Lemma horner_intr_real_complex (c : {poly int}) (a : R) :
  (c ^ intr).[a%:C%C] = ((c ^ intr).[a])%:C%C.
Proof.
rewrite -(horner_map (real_complex R : {rmorphism R -> R[i]})) -map_poly_comp.
by congr _.[_]; apply: eq_map_poly => k /=; rewrite rmorph_int.
Qed.

Lemma complex_archi_bound (w : R[i]) : 0 <= w -> exists N : nat, w < N%:R.
Proof.
move=> w0; have /complex_realP[k wk] := ger0_real w0.
move: w0; rewrite wk ler0c => k0; exists (Num.bound k).
by rewrite -(rmorph_nat (real_complex R : {rmorphism R -> R[i]})) ltcR archi_boundP.
Qed.

Lemma finite_conj_bounded (p : {poly int}) (beta : R) (W : R[i] -> R[i]) :
  p \is monic -> irreducible_poly (p ^ intr : {poly rat}) -> root (p ^ intr) beta ->
  finite_set [set (c ^ intr).[beta] | c in
    [set c : {poly int} | forall z, root (p ^ intr) z -> `|(c ^ intr).[z]| <= W z]].
Proof.
move=> mon irr pb; have [rs [urs srs prs]] := irredp_roots R[i] mon irr.
set W' := \sum_(r <- rs) `|W r|.
have [M M0 cM] := coef_bounded_by_values urs.
have W'0 : 0 <= W' by apply: sumr_ge0.
have [N MN] := complex_archi_bound (mulr_ge0 M0 W'0).
apply: (sub_finite_set _ (finite_image (fun c : {poly int} => (c ^ intr).[beta])
  (finite_bounded_polys (size rs) N))) => _ [c cW <-].
exists (c %% p); last by rewrite /= horner_map_modp.
have scp : (size (c %% p)%R <= size rs)%N.
  by rewrite srs -ltnS prednK ?ltn_modpN0 ?monic_neq0 // size_poly_gt0 monic_neq0.
split=> // i; rewrite -(ler_int R[i]) intr_norm -coef_map.
apply: le_trans (ltW MN); apply: cM => //.
  by rewrite size_map_inj_poly //; apply: intr_inj.
move=> r rs_r; have cWr := cW r (etrans (prs r) rs_r).
have Wr0 : 0 <= W r := le_trans (normr_ge0 _) cWr.
rewrite horner_map_modp ?prs //; apply: le_trans cWr _.
rewrite -(ger0_norm Wr0) /W' (bigD1_seq r) //= lerDl.
exact: sumr_ge0.
Qed.

End ComplexConjugates.

Lemma infinite_range_inj (T : Type) (f : nat -> T) : injective f -> infinite_set (range f).
Proof.
by move=> finj; rewrite (eq_finite_set (inj_card_eq (in2W finj))); apply: infinite_nat.
Qed.

Section InQbeta.
Variables (R : realType) (beta : R).

Lemma inQbeta_intr_scale t : inQbeta beta t ->
  exists2 a : int, a != 0 & exists c : {poly int}, a%:~R * t = (c ^ intr).[beta].
Proof.
case=> q ->; have [c [a a0 ->]] := rat_poly_scale q.
exists a => //; exists c; rewrite map_polyZ hornerZ map_poly_ratr_intr fmorphV.
by rewrite rmorph_int mulrA mulfV ?mul1r ?intr_eq0.
Qed.

Lemma inQbeta_common_denom (n : nat) (t : nat -> R) :
  (forall j, (j <= n)%N -> inQbeta beta (t j)) ->
  exists2 D : int, D != 0 & exists c : nat -> {poly int},
    forall j, (j <= n)%N -> D%:~R * t j = (c j ^ intr).[beta].
Proof.
elim: n => [|n IH] tQ.
  have [a a0 [c ac]] := inQbeta_intr_scale (tQ 0%N (leqnn 0)).
  by exists a => //; exists (fun=> c) => -[].
have [D D0 [c Dc]] := IH (fun j jn => tQ j (leqW jn)).
have [a a0 [c' ac']] := inQbeta_intr_scale (tQ n.+1 (leqnn _)).
exists (D * a); first by rewrite mulf_neq0.
exists (fun j => if (j <= n)%N then a *: c j else D *: c') => j.
rewrite leq_eqVlt ltnS => /orP[/eqP ->|jn]; rewrite ?ltnn ?jn map_polyZ hornerZ.
  by rewrite -ac' intrM mulrA.
by rewrite -Dc // intrM mulrCA mulrA.
Qed.

Lemma inQbeta_approx_large_conj (t e : R) (z K : R[i]) :
  z != beta%:C%C -> inQbeta beta t -> 0 < e -> 0 <= K ->
  exists Q : {poly rat}, `|(Q ^ ratr).[beta] - t| < e /\ K < `|(Q ^ ratr).[z]|.
Proof.
move=> zb [P ->] e0 K0; set Pz := `|(P ^ ratr).[z]|.
have /complex_realP[d dE] : `|z - beta%:C%C| \is Num.real by apply: normr_real.
have d0 : 0 < d by rewrite -ltcR -dE normr_gt0 subr_eq0.
have w0 : 0 <= (K + Pz) / (d / 2)%:C%C.
  by apply: divr_ge0; [apply: addr_ge0 K0 (normr_ge0 _) | rewrite ler0c divr_ge0 // ltW].
have [N KN] := complex_archi_bound w0.
have N0 : (0 < N)%N by rewrite -(ltr_nat R[i]) (le_lt_trans w0 KN).
set e' := Num.min (e / N%:R) (d / 2).
have [q qb] : exists q : rat, `|beta - ratr q| < e'.
  have e'0 : 0 < e' by rewrite lt_min !divr_gt0 ?ltr0n.
  have [|q] := @rat_in_itvoo R (beta - e') (beta + e').
    by rewrite ltrBlDr -addrA ltrDl addr_gt0.
  by rewrite in_itv /= => qb; exists q; rewrite distrC ltr_distl.
exists (P + N%:R%:P * ('X - q%:P)).
rewrite !(rmorphD, rmorphM, rmorphN) /= !map_polyX !map_polyC !hornerE /= !rmorph_nat.
split.
  rewrite addrAC subrr add0r normrM normr_nat -ltr_pdivlMl ?ltr0n // mulrC.
  by apply: (lt_le_trans qb); rewrite ge_min lexx.
have qd : `|beta - ratr q| < d / 2 by apply: (lt_le_trans qb); rewrite ge_min lexx orbT.
have zq : (d / 2)%:C%C <= `|z - ratr q|.
  have -> : z - ratr q = (z - beta%:C%C) + (beta%:C%C - ratr q) by rewrite addrA subrK.
  apply: le_trans (lerB_normD _ _).
  rewrite dE ratr_real_complex -(raddfB (real_complex R) beta) normr_real_complex.
  rewrite -(raddfB (real_complex R)) lecR.
  by rewrite lerBrDr -lerBrDl {1}(splitr d) addrK ltW.
rewrite addrC; apply: lt_le_trans (lerB_normD _ _).
rewrite normrM normr_nat; apply: lt_le_trans (lerB (ler_wpM2l (ler0n _ _) zq) (lexx Pz)).
have d2 : 0 < (d / 2)%:C%C by rewrite ltcE /= eqxx divr_gt0.
by rewrite ltrBrDr -ltr_pdivrMr.
Qed.

End InQbeta.

Section GenBetaTransformation.
Variables (R : realType) (beta B : R) (l : nat) (xs ys : nat -> R) (F : R -> R).
Hypothesis gbF : gen_beta_transf beta B l xs ys F.

Lemma gen_beta_transf_gt0 : 0 < B.
Proof.
case: gbF => l0 x0 _ xs_incr Fj.
have x01 : 0 < xs 1%N by rewrite -x0 xs_incr.
have x00 : xs 1%N.-1 <= 0 by rewrite x0.
have [Fx0 [FxB _]] := Fj 1%N 0 l0 x00 x01.
exact: le_lt_trans Fx0 FxB.
Qed.

Lemma gen_beta_transf_step t : 0 <= t -> t < B ->
  exists2 j, (1 <= j <= l)%N & [/\ 0 <= F t, F t < B & F t = beta * t - ys j].
Proof.
case: gbF => _ x0 xl _ Fj t0 tB.
have tx : exists j, t < xs j by exists l; rewrite xl.
have [j tj minj] := ex_minnP tx.
have j0 : (0 < j)%N by case: j tj {minj} => //; rewrite x0 ltNge t0.
have jl : (j <= l)%N by apply: minj; rewrite xl.
have xt : xs j.-1 <= t by rewrite leNgt; apply/negP => /minj; rewrite leqNgt ltn_predL j0.
have [Ft0 [FtB FtE]] := Fj j t (introT andP (conj j0 jl)) xt tj.
by exists j; rewrite ?j0 ?jl ?FtE.
Qed.

Lemma gen_beta_transf_iter t n : 0 <= t -> t < B -> 0 <= iter n F t /\ iter n F t < B.
Proof.
move=> t0 tB; elim: n => [//|n [Ft0 FtB]] /=.
by have [j _ []] := gen_beta_transf_step Ft0 FtB.
Qed.

Lemma gen_beta_orbit_lift (A : Type) (ev : A -> R) (step : nat -> A -> A) (P : A -> Prop) :
    (forall j a, (1 <= j <= l)%N -> ev (step j a) = beta * ev a - ys j) ->
    (forall j a, (1 <= j <= l)%N -> P a -> P (step j a)) ->
  forall a, P a -> 0 <= ev a -> ev a < B ->
  exists s : nat -> A, forall n, [/\ ev (s n) = iter n F (ev a), P (s n) &
    exists2 j, (1 <= j <= l)%N & s n.+1 = step j (s n)].
Proof.
move=> evE Pstep a Pa a0 aB.
have idx_ex t : exists j, 0 <= t -> t < B -> (1 <= j <= l)%N /\ F t = beta * t - ys j.
  have [[t0 tB]|ntB] := pselect (0 <= t /\ t < B); last by exists 0%N => t0 tB; case: ntB.
  by have [j jl [_ _ Ft]] := gen_beta_transf_step t0 tB; exists j.
have [idx idxE] := choice idx_ex.
pose fix s n := if n is m.+1 then step (idx (iter m F (ev a))) (s m) else a.
have idx_itv n : (1 <= idx (iter n F (ev a)) <= l)%N.
  by have [t0 tB] := gen_beta_transf_iter n a0 aB; have [] := idxE _ t0 tB.
exists s; elim=> [|n [evs Ps _]].
  by split => //; exists (idx (ev a)) => //; apply: (idx_itv 0%N).
have [t0 tB] := gen_beta_transf_iter n a0 aB; have [_ Ft] := idxE _ t0 tB.
split; first by rewrite /= evE // evs -Ft.
- exact: Pstep.
- by exists (idx (iter n.+1 F (ev a))).
Qed.

Variable p : {poly int}.
Hypotheses (p_monic : p \is monic) (p_irr : irreducible_poly (p ^ intr : {poly rat}))
  (p_beta : root (p ^ intr) beta).

Lemma gen_beta_orbit_finite :
    (forall j, (1 <= j <= l)%N -> inQbeta beta (ys j)) ->
    (forall z : R[i], root (p ^ intr) z -> z != beta%:C%C -> `|z| < 1) ->
  forall x, inQbeta beta x -> 0 <= x -> x < B -> finite_set (range (fun n => iter n F x)).
Proof.
move=> ysQ conj_lt1 x xQ x0 xB.
have [|D D0 [c Dc]] := @inQbeta_common_denom _ beta l (fun j => if j is 0 then x else ys j).
  by case=> [|j] jl; [exact: xQ | exact: ysQ].
set Y := fun z : R[i] => \sum_(j < l.+1) `|(c j ^ intr).[z]|.
set K := fun z : R[i] => `|(c 0%N ^ intr).[z]| + Y z / (1 - `|z|).
pose ev (a : {poly int}) := (a ^ intr).[beta] / D%:~R.
pose bounded (a : {poly int}) := forall z, root (p ^ intr) z -> z != beta%:C%C ->
  `|(a ^ intr).[z]| <= K z.
have evc0 : ev (c 0%N) = x by rewrite /ev -(Dc 0%N) // mulrC mulKf ?intr_eq0.
have ev_step j a : (1 <= j <= l)%N -> ev ('X * a - c j) = beta * ev a - ys j.
  case: j => [//|j] jl; rewrite /ev rmorphB rmorphM /= map_polyX !hornerE -(Dc j.+1) //.
  by rewrite mulrBl [D%:~R * _]mulrC mulfK ?intr_eq0.
have bounded_step j a : (1 <= j <= l)%N -> bounded a -> bounded ('X * a - c j).
  move=> jl a_bd z pz zb; rewrite rmorphB rmorphM /= map_polyX !hornerE.
  apply: affine_contract_norm; rewrite ?conj_lt1 ?a_bd //.
  have jl1 : (j < l.+1)%N by case/andP: jl.
  by rewrite /Y (bigD1 (Ordinal jl1)) //= lerDl sumr_ge0.
have bounded_c0 : bounded (c 0%N).
  move=> z pz zb; rewrite /K lerDl divr_ge0 ?sumr_ge0 //.
  by rewrite subr_ge0 ltW ?conj_lt1.
have := gen_beta_orbit_lift ev_step bounded_step bounded_c0; rewrite evc0.
case/(_ x0 xB) => s sE.
pose W z := if z == beta%:C%C then (`|D%:~R| * B)%:C%C else K z.
have fin := finite_conj_bounded W p_monic p_irr p_beta.
apply: (sub_finite_set _ (finite_image (fun t => t / D%:~R) fin)) => _ [n _ <-].
have [evs s_bd _] := sE n; exists (s n ^ intr).[beta]; last exact: evs.
exists (s n) => // z pz; rewrite /W; case: eqVneq => [->|zb]; last exact: s_bd.
have [t0 tB] := gen_beta_transf_iter n x0 xB.
have -> : (s n ^ intr).[beta%:C%C] = (iter n F x * D%:~R)%:C%C.
  by rewrite horner_intr_real_complex -evs mulfVK ?intr_eq0.
rewrite normr_real_complex lecR normrM ger0_norm // mulrC.
by rewrite ler_wpM2l // ltW.
Qed.

Lemma infinite_range_conj_incr (z : R[i]) (u : nat -> R) (s : nat -> {poly rat}) :
    root (p ^ intr) z -> (forall n, (s n ^ ratr).[beta] = u n) ->
    (forall n, `|(s n ^ ratr).[z]| < `|(s n.+1 ^ ratr).[z]|) ->
  infinite_set (range u).
Proof.
move=> pz su s_incr; apply: infinite_range_inj => m n umn.
have : root ((s m - s n) ^ ratr) z.
  apply: (root_irredp_conj p_irr (x := beta)); rewrite ?map_poly_ratr_intr //.
  by rewrite rmorphB /root hornerD hornerN !su umn subrr.
rewrite rmorphB /root hornerD hornerN subr_eq0 => /eqP smn.
have /Order.NatMonotonyTheory.homo_ltn_lt s_lt := s_incr.
by case: (ltngtP m n) => // /s_lt; rewrite smn ltxx.
Qed.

-------

About this task ▸ Go through the entries and copy each line holding the string "leqnn".

Answer ▸
  have [a a0 [c ac]] := inQbeta_intr_scale (tQ 0%N (leqnn 0)).
have [a a0 [c' ac']] := inQbeta_intr_scale (tQ n.+1 (leqnn _)).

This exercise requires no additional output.